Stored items
Lemma star_vec_sub_in_span v w : v != o0 -> v != on -> w != o0 -> w != on ->
  star_vec v - star_vec w \in path_space.
Proof.
move=> v0 vn w0 wn.
have [s1 [s2 [S2 [sS uS Sn S0 [vS wS]]]]] := exists_filler v w.
have [nxv xnv sxv] := star_cycles sS uS Sn S0 vS vn v0.
have [nxw xnw sxw] := star_cycles sS uS Sn S0 wS wn w0.
pose star x := homog (chi (cycle_nx (s1 :: s2 :: S2) x))
  + homog (chi (cycle_xn (s1 :: s2 :: S2) x)) - homog (chi (cycle_sx s1 (s2 :: S2) x)).
have -> : star_vec v - star_vec w = star v - star w.
  apply/ffunP => -[e|]; rewrite !ffunE /=; last by lra.
  have uniq_of c : is_p_cycle n (arcDn n) p c -> uniq c by case/and3P.
  rewrite !chi_count ?uniq_of //.
  move: (count_star_exchange s1 s2 S2 v w (val e)) => /(congr1 (fun m => m%:R : R)).
  rewrite !natrD; lra.
have through_n c : is_p_cycle n (arcDn n) p c -> on \in c -> homog (chi c) \in path_space.
  exact: homog_chi_through_n.
by rewrite /star !memvB ?memvD ?through_n ?mem_head.
Qed.

(* Summing [sum_homog_subst] for [C] and [C0], the star vectors cancel up to
   differences lying in [path_space]. *)
Lemma internal_cycle_sub_in_span C C0 :
  is_p_cycle n (arcDn n) p C -> on \notin C -> is_p_cycle n (arcDn n) p C0 -> on \notin C0 ->
  (p.-2)%:R *: (homog (chi C) - homog (chi C0)) \in path_space.
Proof.
move=> Cp Cn C0p C0n.
have shuffle (a b c d e : V) (k : R) :
    k *: (a - b) = (k *: a + c + e - (k *: b + d + e)) - (c - d).
  have scaleE (l y : R) : l *: (y : R^o) = l * y by [].
  by apply/ffunP => o; rewrite !ffunE !scaleE; ring.
rewrite (shuffle _ _ (\sum_(x <- C) star_vec x) (\sum_(x <- C0) star_vec x) (2%:R *: homog_unit)).
rewrite -!sum_homog_subst //.
have subst_in_span D : is_p_cycle n (arcDn n) p D -> on \notin D ->
    \sum_(x <- D) homog (chi (map (subst_n x) D)) \in path_space.
  move=> Dp Dn; rewrite big_seq; apply: memv_suml => x xD.
  by have [] := subst_n_cycle Dp Dn xD; apply: homog_chi_through_n.
apply: memvB; first by apply: memvB; apply: subst_in_span.
have /and3P[/eqP sC _ /cycleDn_notin0 C0'] := Cp.
have /and3P[/eqP sC0 _ /cycleDn_notin0 C00] := C0p.
rewrite !(big_nth o0) sC sC0 -sumrB big_mkord; apply: memv_suml => i _.
by apply: star_vec_sub_in_span;
  [apply: contraNneq C0' | apply: contraNneq Cn | apply: contraNneq C00 | apply: contraNneq C0n];
  move=> <-; apply: mem_nth; rewrite ?sC ?sC0.
Qed.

Exercise brief — Copy each line, exactly, that falls between the line containing "(* Summing [sum_homog_subst]" and the end of the entries, both included.

Output —
(* Summing [sum_homog_subst] for [C] and [C0], the star vectors cancel up to
   differences lying in [path_space]. *)
Lemma internal_cycle_sub_in_span C C0 :
  is_p_cycle n (arcDn n) p C -> on \notin C -> is_p_cycle n (arcDn n) p C0 -> on \notin C0 ->
  (p.-2)%:R *: (homog (chi C) - homog (chi C0)) \in path_space.
Proof.
move=> Cp Cn C0p C0n.
have shuffle (a b c d e : V) (k : R) :
    k *: (a - b) = (k *: a + c + e - (k *: b + d + e)) - (c - d).
  have scaleE (l y : R) : l *: (y : R^o) = l * y by [].
  by apply/ffunP => o; rewrite !ffunE !scaleE; ring.
rewrite (shuffle _ _ (\sum_(x <- C) star_vec x) (\sum_(x <- C0) star_vec x) (2%:R *: homog_unit)).
rewrite -!sum_homog_subst //.
have subst_in_span D : is_p_cycle n (arcDn n) p D -> on \notin D ->
    \sum_(x <- D) homog (chi (map (subst_n x) D)) \in path_space.
  move=> Dp Dn; rewrite big_seq; apply: memv_suml => x xD.
  by have [] := subst_n_cycle Dp Dn xD; apply: homog_chi_through_n.
apply: memvB; first by apply: memvB; apply: subst_in_span.
have /and3P[/eqP sC _ /cycleDn_notin0 C0'] := Cp.
have /and3P[/eqP sC0 _ /cycleDn_notin0 C00] := C0p.
rewrite !(big_nth o0) sC sC0 -sumrB big_mkord; apply: memv_suml => i _.
by apply: star_vec_sub_in_span;
  [apply: contraNneq C0' | apply: contraNneq Cn | apply: contraNneq C00 | apply: contraNneq C0n];
  move=> <-; apply: mem_nth; rewrite ?sC ?sC0.
Qed.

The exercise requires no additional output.